# [Task to carry out]
Beginning with the first line of the data below, extract each line up to and including the one containing "have [w1 [w1A". Copy them exactly and add nothing.

# [Records supplied]
Lemma exists_point_between A B a b : 0 <= a -> 0 <= b ->
  a + b = Num.sqrt (sqdist A B) ->
  exists w, sqdist w A = a ^+ 2 /\ sqdist w B = b ^+ 2.
Proof.
set s := Num.sqrt _ => a_ge0 b_ge0 ab_s.
have [s0 | s_neq0] := eqVneq s 0.
  have [a0 b0] : a = 0 /\ b = 0 by lra.
  have AB : A = B by apply: sqdist_eq0; rewrite sqdist_sqrt -/s s0 expr0n.
  by exists A; rewrite -AB sqdistxx a0 b0 expr0n.
exists (A + (a / s) *: (B - A)).
rewrite sqdist_line_first sqdist_line_second sqdist_sqrt -/s.
have -> : b = s - a by lra.
by split; field.
Qed.

Lemma exists_point_beyond A B a b : (0 < d)%N -> 0 <= a ->
  b = a + Num.sqrt (sqdist A B) ->
  exists w, sqdist w A = a ^+ 2 /\ sqdist w B = b ^+ 2.
Proof.
set s := Num.sqrt _ => d_gt0 a_ge0 ->.
have [s0 | s_neq0] := eqVneq s 0.
  have AB : A = B by apply: sqdist_eq0; rewrite sqdist_sqrt -/s s0 expr0n.
  set sd := Num.sqrt (d%:R : R).
  have sd_neq0 : sd != 0 by rewrite sqrtr_eq0 -ltNge ltr0n.
  have sd2 : (d%:R : R) = sd ^+ 2 by rewrite sqr_sqrtr ?ler0n.
  exists (A + const_mx (a / sd)).
  by rewrite -AB sqdist_add_const s0 addr0 sd2; split; field.
exists (A + (- a / s) *: (B - A)).
by rewrite sqdist_line_first sqdist_line_second sqdist_sqrt -/s; split; field.
Qed.

(* Place [w1] on the line [A1 B1] beyond [A1] and [w3] inside the segment
   [A3 B3], at the distances (s3 - s1)/2 and (s3 + s1)/2 from the endpoints. *)
Lemma exists_equidistant_pair A1 B1 A3 B3 : (0 < d)%N ->
  sqdist A1 B1 <= sqdist A3 B3 ->
  exists w1 w3, sqdist w1 A1 = sqdist w3 A3 /\ sqdist w1 B1 = sqdist w3 B3.
Proof.
move=> d_gt0 le13.
set s1 := Num.sqrt (sqdist A1 B1); set s3 := Num.sqrt (sqdist A3 B3).
have s1_ge0 : 0 <= s1 by apply: sqrtr_ge0.
have s13 : s1 <= s3 by rewrite ler_sqrt // sqdist_ge0.
have [w3 [w3A w3B]] := @exists_point_between A3 B3 ((s3 - s1) / 2) ((s3 + s1) / 2)
  ltac:(lra) ltac:(lra) ltac:(rewrite -/s3; lra).
have [w1 [w1A w1B]] := @exists_point_beyond A1 B1 ((s3 - s1) / 2) ((s3 + s1) / 2)
  d_gt0 ltac:(lra) ltac:(rewrite -/s1; lra).
by exists w1, w3; rewrite w1A w1B w3A w3B.
Qed.

End EuclideanGeometry.

Section CliqueComponents.
Variables (V : finType) (H : rel V) (C : {set V}).
Hypothesis H_sym : symmetric H.

Local Notation e := (del_verts H C).
Local Notation rootC := (fingraph.root e).
Local Notation K x := (Ccomp H C x).

Lemma del_verts_sym : symmetric e.
Proof. by move=> a b; rewrite /del_verts H_sym [(a \notin C) && _]andbC. Qed.

Lemma del_verts_connect_sym : connect_sym e.
Proof. exact: sym_connect_sym del_verts_sym. Qed.

Lemma connect_from_C c a : c \in C -> connect e c a -> a = c.
Proof.
by move=> cC /connectP [[|b p] //= /andP [] ]; rewrite /del_verts cC andbF.
Qed.

Lemma connect_notin_C a b : a \notin C -> connect e a b -> b \notin C.
Proof.
move=> aC ab; apply: contra aC => bC.
by rewrite del_verts_connect_sym in ab; rewrite (connect_from_C bC ab).
Qed.

Lemma sub_Ccomp x : {subset C <= K x}.
Proof. by move=> c cC; rewrite !inE cC orbT. Qed.

Lemma root_notin_C a : a \notin C -> rootC a \notin C.
Proof. by move=> aC; apply: connect_notin_C aC (connect_root _ _). Qed.

Lemma mem_Ccomp_root a : a \in K (rootC a).
Proof. by rewrite !inE del_verts_connect_sym connect_root. Qed.

Lemma Ccomp_edge a b : H a b -> a \notin C -> b \in K (rootC a).
Proof.
move=> ab aC; case: (boolP (b \in C)) => [bC | bC]; first exact: sub_Ccomp.
rewrite !inE; apply/orP; left; apply: connect_trans (connect1 (_ : e a b)).
  by rewrite del_verts_connect_sym connect_root.
by rewrite /del_verts ab aC bC.
Qed.

Lemma root_Ccomp y b : rootC y = y -> b \in K y -> b \notin C -> rootC b = y.
Proof.
move=> ry; rewrite !inE => /orP [yb _ | -> //].
by rewrite -ry; apply/esym/(fingraph.rootP del_verts_connect_sym).
Qed.

Lemma Ccomp_out x a b : a \notin K x -> b \in K x -> H a b -> b \in C.
Proof.
move=> aK bK ab; apply: contraT => bC.
have aC : a \notin C by apply: contra aK; apply: sub_Ccomp.
have xb : connect e x b by move: bK; rewrite !inE (negbTE bC) orbF.
case/negP: aK; rewrite !inE; apply/orP; left; apply: connect_trans xb (connect1 _).
by rewrite /del_verts H_sym ab aC bC.
Qed.

Lemma edge_in_Ccomp x0 a b : x0 \notin C -> H a b ->
  exists y, [/\ y \notin C, rootC y = y, a \in K y & b \in K y].
Proof.
have root_K z : z \notin C -> [/\ rootC z \notin C, rootC (rootC z) = rootC z & z \in K (rootC z)].
  by move=> zC; rewrite root_notin_C ?mem_Ccomp_root ?root_root //; apply: del_verts_connect_sym.
move=> x0C ab; case: (boolP (a \in C)) => aC; last first.
  by have [? ? ?] := root_K a aC; exists (rootC a); split => //; apply: Ccomp_edge.
case: (boolP (b \in C)) => bC; last first.
  by have [? ? ?] := root_K b bC; exists (rootC b); split => //; apply: Ccomp_edge; rewrite // H_sym.
by have [? ? _] := root_K x0 x0C; exists (rootC x0); split => //; apply: sub_Ccomp.
Qed.

End CliqueComponents.

Definition uv_pair (V : eqType) (u v a b : V) := ((a == u) && (b == v)) || ((a == v) && (b == u)).

Lemma add_edge_sym (V : finType) (adj : rel V) u v :
  symmetric adj -> symmetric (add_edge adj u v).
Proof.
move=> adj_sym a b; rewrite /add_edge adj_sym; congr (_ || _).
by rewrite orbC [(b == u) && _]andbC [(b == v) && _]andbC.
Qed.

Section CliqueSeparatorSIP.
Variables (R : realType) (d : nat) (V : finType) (adj : rel V) (u v : V) (C : {set V}).
Hypotheses (adj_sym : symmetric adj) (uv_nonedge : ~~ adj u v).

Local Notation H := (add_edge adj u v).
Local Notation rootC := (fingraph.root (del_verts H C)).
Local Notation K x := (Ccomp H C x).
Local Notation E S := (induced_del H S u v).
Implicit Types (l : V -> V -> R) (p q : V -> 'rV[R]_d).

Let H_sym : symmetric H := add_edge_sym u v adj_sym.

Lemma induced_delE S a b : E S a b = [&& a \in S, b \in S & adj a b].
Proof.
rewrite /induced_del /add_edge -/(uv_pair u v a b).
case ab: (adj a b) => /=; last by rewrite andbN !andbF.
suff -> : ~~ uv_pair u v a b by [].
apply/negP => /orP [] /andP [/eqP au /eqP bv]; move: ab; rewrite au bv.
  by rewrite (negbTE uv_nonedge).
by rewrite adj_sym (negbTE uv_nonedge).
Qed.

Lemma realization_induced_del S l p :
  realization [set: V] adj l p -> realization S (E S) l p.
Proof. by move=> rp a b aS bS; rewrite induced_delE => /and3P [_ _]; apply: rp; rewrite inE. Qed.

Lemma clique_sqdist_agree (S1 S3 : {set V}) l q1 q3 : is_clique H C ->
  {subset C <= S1} -> {subset C <= S3} ->
  realization S1 (E S1) l q1 -> realization S3 (E S3) l q3 ->
  {in C &, forall a b, ~~ uv_pair u v a b -> sqdist (q1 a) (q1 b) = sqdist (q3 a) (q3 b)}.
Proof.
move=> clq CS1 CS3 r1 r3 a b aC bC not_uv.
have [<- | ab] := eqVneq a b; first by rewrite !sqdistxx.
have adj_ab : adj a b.
  by case/orP: (clq a b aC bC ab) => // uv_ab; case/negP: not_uv; exact: uv_ab.
by rewrite r1 ?r3 ?induced_delE ?CS1 ?CS3.
Qed.

Lemma exists_equidistant_to_clique q1 q3 : (0 < d)%N ->
  {in C &, forall a b, ~~ uv_pair u v a b -> sqdist (q1 a) (q1 b) = sqdist (q3 a) (q3 b)} ->
  sqdist (q1 u) (q1 v) <= sqdist (q3 u) (q3 v) ->
  exists w1 w3, {in C, forall c, sqdist w1 (q1 c) = sqdist w3 (q3 c)}.
Proof.
move=> d_gt0 agree le13.
case: (pickP [pred c in C | (c != u) && (c != v)]) => [c0 /and3P [c0C c0u c0v] | only_uv].
  exists (q1 c0), (q3 c0) => c cC; apply: agree => //.
  by rewrite /uv_pair (negbTE c0u) (negbTE c0v).
have C_uv c : c \in C -> (c == u) || (c == v).
  by move=> cC; move: (only_uv c); rewrite /= cC /= -negb_or => /negbFE.
case: (boolP ((u \in C) && (v \in C))) => [_ | not_both].
  have [w1 [w3 [w13u w13v]]] := exists_equidistant_pair d_gt0 le13.
  by exists w1, w3 => c /C_uv /orP [] /eqP ->.
pose z := if u \in C then u else v.
have C_z c : c \in C -> c = z.
  move=> cC; rewrite /z; have /orP [/eqP cu | /eqP cv] := C_uv c cC.
    by rewrite -cu cC.
  by case: ifP => // uC; move: not_both; rewrite uC -cv cC.
by exists (q1 z), (q3 z) => c /C_z ->; rewrite !sqdistxx.
Qed.

Definition extend_by (S : {set V}) p w a := if a \in S then p a else w.

Definition extend_length (S : {set V}) l p a b :=
  if (a \in S) && (b \in S) then l a b else sqdist (p a) (p b).

Lemma realization_extend_by x l q w q1 w1 :
  realization (K x) (E (K x)) l q ->
  {in C, forall c, sqdist w1 (q1 c) = sqdist w (q c)} ->
  realization [set: V] adj (extend_length (K x) l (extend_by (K x) q1 w1))
    (extend_by (K x) q w).
Proof.
move=> rq qw a b _ _ ab; rewrite /extend_length /extend_by.
have out_C z y : z \notin K x -> y \in K x -> adj z y -> y \in C.
  by move=> zK yK zy; apply: (Ccomp_out H_sym zK yK); rewrite /add_edge zy.
case aK: (a \in K x); case bK: (b \in K x) => /=.
- by apply: rq; rewrite ?induced_delE ?aK ?bK.
- rewrite sqdistC [sqdist (q1 a) _]sqdistC -qw //.
  by apply: out_C (negbT bK) aK _; rewrite adj_sym.
- by rewrite -qw //; apply: out_C (negbT aK) bK ab.
- by rewrite !sqdistxx.
Qed.

Lemma Ccomp_SIP_of_SIP : (0 < d)%N -> is_clique H C -> SIP R d [set: V] adj u v ->
  forall x, u \in K x -> v \in K x -> SIP R d (K x) (E (K x)) u v.
Proof.
move=> d_gt0 clq sipG x uK vK l l_sym l_ge0 t1 t3 t [q1 [r1 <-]] [q3 [r3 <-]] le1t let3.
have [w1 [w3 w13]] := exists_equidistant_to_clique d_gt0
  (clique_sqdist_agree clq (sub_Ccomp H x) (sub_Ccomp H x) r1 r3)
  (le_trans le1t let3).
set l' := extend_length (K x) l (extend_by (K x) q1 w1).
have l'_sym a b : l' a b = l' b a.
  by rewrite /l' /extend_length andbC; case: ifP => _; [apply: l_sym | apply: sqdistC].
have l'_ge0 a b : 0 <= l' a b.
  by rewrite /l' /extend_length; case: ifP => _; rewrite ?l_ge0 ?sqdist_ge0.
have Om1 : Omega d [set: V] adj l' u v (sqdist (q1 u) (q1 v)).
  exists (extend_by (K x) q1 w1); rewrite /extend_by uK vK; split => //.
  exact: realization_extend_by r1 (fun _ _ => erefl).
have Om3 : Omega d [set: V] adj l' u v (sqdist (q3 u) (q3 v)).
  exists (extend_by (K x) q3 w3); rewrite /extend_by uK vK; split => //.
  exact: realization_extend_by r3 w13.
have [P [rP eP]] := sipG l' l'_sym l'_ge0 _ _ t Om1 Om3 le1t let3.
exists P; split => // a b aK bK; rewrite induced_delE => /and3P [_ _ ab].
by rewrite rP ?inE // /l' /extend_length aK bK.
Qed.

Definition Ccomp_realization l t y q :=
  realization (K y) (E (K y)) l q /\ (u \in K y -> v \in K y -> sqdist (q u) (q v) = t).

Lemma Ccomp_realization_isometry l t y q T :
  isometry T -> Ccomp_realization l t y q -> Ccomp_realization l t y (T \o q).
Proof.
move=> isoT [rq qt]; split => [a b aK bK ab | uK vK] /=; rewrite isoT; first exact: rq.
exact: qt.
Qed.

Lemma Ccomp_realization_agree_on_C l t y z q r : is_clique H C ->
  Ccomp_realization l t y q -> Ccomp_realization l t z r ->
  {in C &, forall a b, sqdist (q a) (q b) = sqdist (r a) (r b)}.
Proof.
move=> clq [rq qt] [rr rt] a b aC bC.
case: (boolP (uv_pair u v a b)) => [/orP [] /andP [/eqP ab_u /eqP ab_v] | not_uv].
- subst a b; rewrite qt ?rt //; exact: sub_Ccomp.
- subst a b; rewrite [LHS]sqdistC [RHS]sqdistC qt ?rt //; exact: sub_Ccomp.
exact: clique_sqdist_agree clq (sub_Ccomp H y) (sub_Ccomp H z) rq rr a b aC bC not_uv.
Qed.

Lemma exists_aligned_Ccomp_realization l t y z q r : is_clique H C ->
  Ccomp_realization l t y q -> Ccomp_realization l t z r ->
  exists2 q', Ccomp_realization l t y q' & {in C, q' =1 r}.
Proof.
move=> clq Rq Rr.
have agree : {in enum C &, forall a b, sqdist (q a) (q b) = sqdist (r a) (r b)}.
  by move=> a b; rewrite !mem_enum; apply: (Ccomp_realization_agree_on_C clq Rq Rr).
have [T isoT Tqr] := isometry_extension agree.
exists (T \o q); first exact: Ccomp_realization_isometry.
by move=> c cC /=; rewrite Tqr ?mem_enum.
Qed.

(* Components are glued along the common placement [r] of the clique; each
   vertex outside [C] is placed by the component of its root. *)
Lemma glue_Ccomp_realizations l t r (Q : V -> V -> 'rV[R]_d) x0 :
  x0 \notin C ->
  (forall y, y \notin C -> Ccomp_realization l t y (Q y) /\ {in C, Q y =1 r}) ->
  exists p, realization [set: V] adj l p /\ sqdist (p u) (p v) = t.
Proof.
move=> x0C RQ.
pose p a := if a \in C then r a else Q (rootC a) a.
have p_Q y : y \notin C -> rootC y = y -> {in K y, p =1 Q y}.
  move=> yC ry a aK; rewrite /p; case: ifP => [aC | /negbT aC].
    by rewrite (proj2 (RQ y yC) a aC).
  by rewrite (root_Ccomp H_sym ry aK aC).
have in_comp a b : H a b -> exists y, [/\ y \notin C, {in K y, p =1 Q y} & (a \in K y) && (b \in K y)].
  move=> ab; have [y [yC ry aK bK]] := edge_in_Ccomp H_sym x0C ab.
  by exists y; rewrite aK bK; split => //; apply: p_Q.
exists p; split => [a b _ _ ab | ].
  have [y [yC pQ /andP [aK bK]]] := in_comp a b ltac:(by rewrite /add_edge ab).
  have [[rQ _] _] := RQ y yC.
  by rewrite !pQ // rQ ?induced_delE ?aK ?bK.
have [y [yC pQ /andP [uK vK]]] := in_comp u v ltac:(by rewrite /add_edge !eqxx orbT).
have [[_ Quv] _] := RQ y yC.
by rewrite !pQ // Quv.
Qed.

# [Solved exercise]
Lemma exists_point_between A B a b : 0 <= a -> 0 <= b ->
  a + b = Num.sqrt (sqdist A B) ->
  exists w, sqdist w A = a ^+ 2 /\ sqdist w B = b ^+ 2.
Proof.
set s := Num.sqrt _ => a_ge0 b_ge0 ab_s.
have [s0 | s_neq0] := eqVneq s 0.
  have [a0 b0] : a = 0 /\ b = 0 by lra.
  have AB : A = B by apply: sqdist_eq0; rewrite sqdist_sqrt -/s s0 expr0n.
  by exists A; rewrite -AB sqdistxx a0 b0 expr0n.
exists (A + (a / s) *: (B - A)).
rewrite sqdist_line_first sqdist_line_second sqdist_sqrt -/s.
have -> : b = s - a by lra.
by split; field.
Qed.

Lemma exists_point_beyond A B a b : (0 < d)%N -> 0 <= a ->
  b = a + Num.sqrt (sqdist A B) ->
  exists w, sqdist w A = a ^+ 2 /\ sqdist w B = b ^+ 2.
Proof.
set s := Num.sqrt _ => d_gt0 a_ge0 ->.
have [s0 | s_neq0] := eqVneq s 0.
  have AB : A = B by apply: sqdist_eq0; rewrite sqdist_sqrt -/s s0 expr0n.
  set sd := Num.sqrt (d%:R : R).
  have sd_neq0 : sd != 0 by rewrite sqrtr_eq0 -ltNge ltr0n.
  have sd2 : (d%:R : R) = sd ^+ 2 by rewrite sqr_sqrtr ?ler0n.
  exists (A + const_mx (a / sd)).
  by rewrite -AB sqdist_add_const s0 addr0 sd2; split; field.
exists (A + (- a / s) *: (B - A)).
by rewrite sqdist_line_first sqdist_line_second sqdist_sqrt -/s; split; field.
Qed.

(* Place [w1] on the line [A1 B1] beyond [A1] and [w3] inside the segment
   [A3 B3], at the distances (s3 - s1)/2 and (s3 + s1)/2 from the endpoints. *)
Lemma exists_equidistant_pair A1 B1 A3 B3 : (0 < d)%N ->
  sqdist A1 B1 <= sqdist A3 B3 ->
  exists w1 w3, sqdist w1 A1 = sqdist w3 A3 /\ sqdist w1 B1 = sqdist w3 B3.
Proof.
move=> d_gt0 le13.
set s1 := Num.sqrt (sqdist A1 B1); set s3 := Num.sqrt (sqdist A3 B3).
have s1_ge0 : 0 <= s1 by apply: sqrtr_ge0.
have s13 : s1 <= s3 by rewrite ler_sqrt // sqdist_ge0.
have [w3 [w3A w3B]] := @exists_point_between A3 B3 ((s3 - s1) / 2) ((s3 + s1) / 2)
  ltac:(lra) ltac:(lra) ltac:(rewrite -/s3; lra).
have [w1 [w1A w1B]] := @exists_point_beyond A1 B1 ((s3 - s1) / 2) ((s3 + s1) / 2)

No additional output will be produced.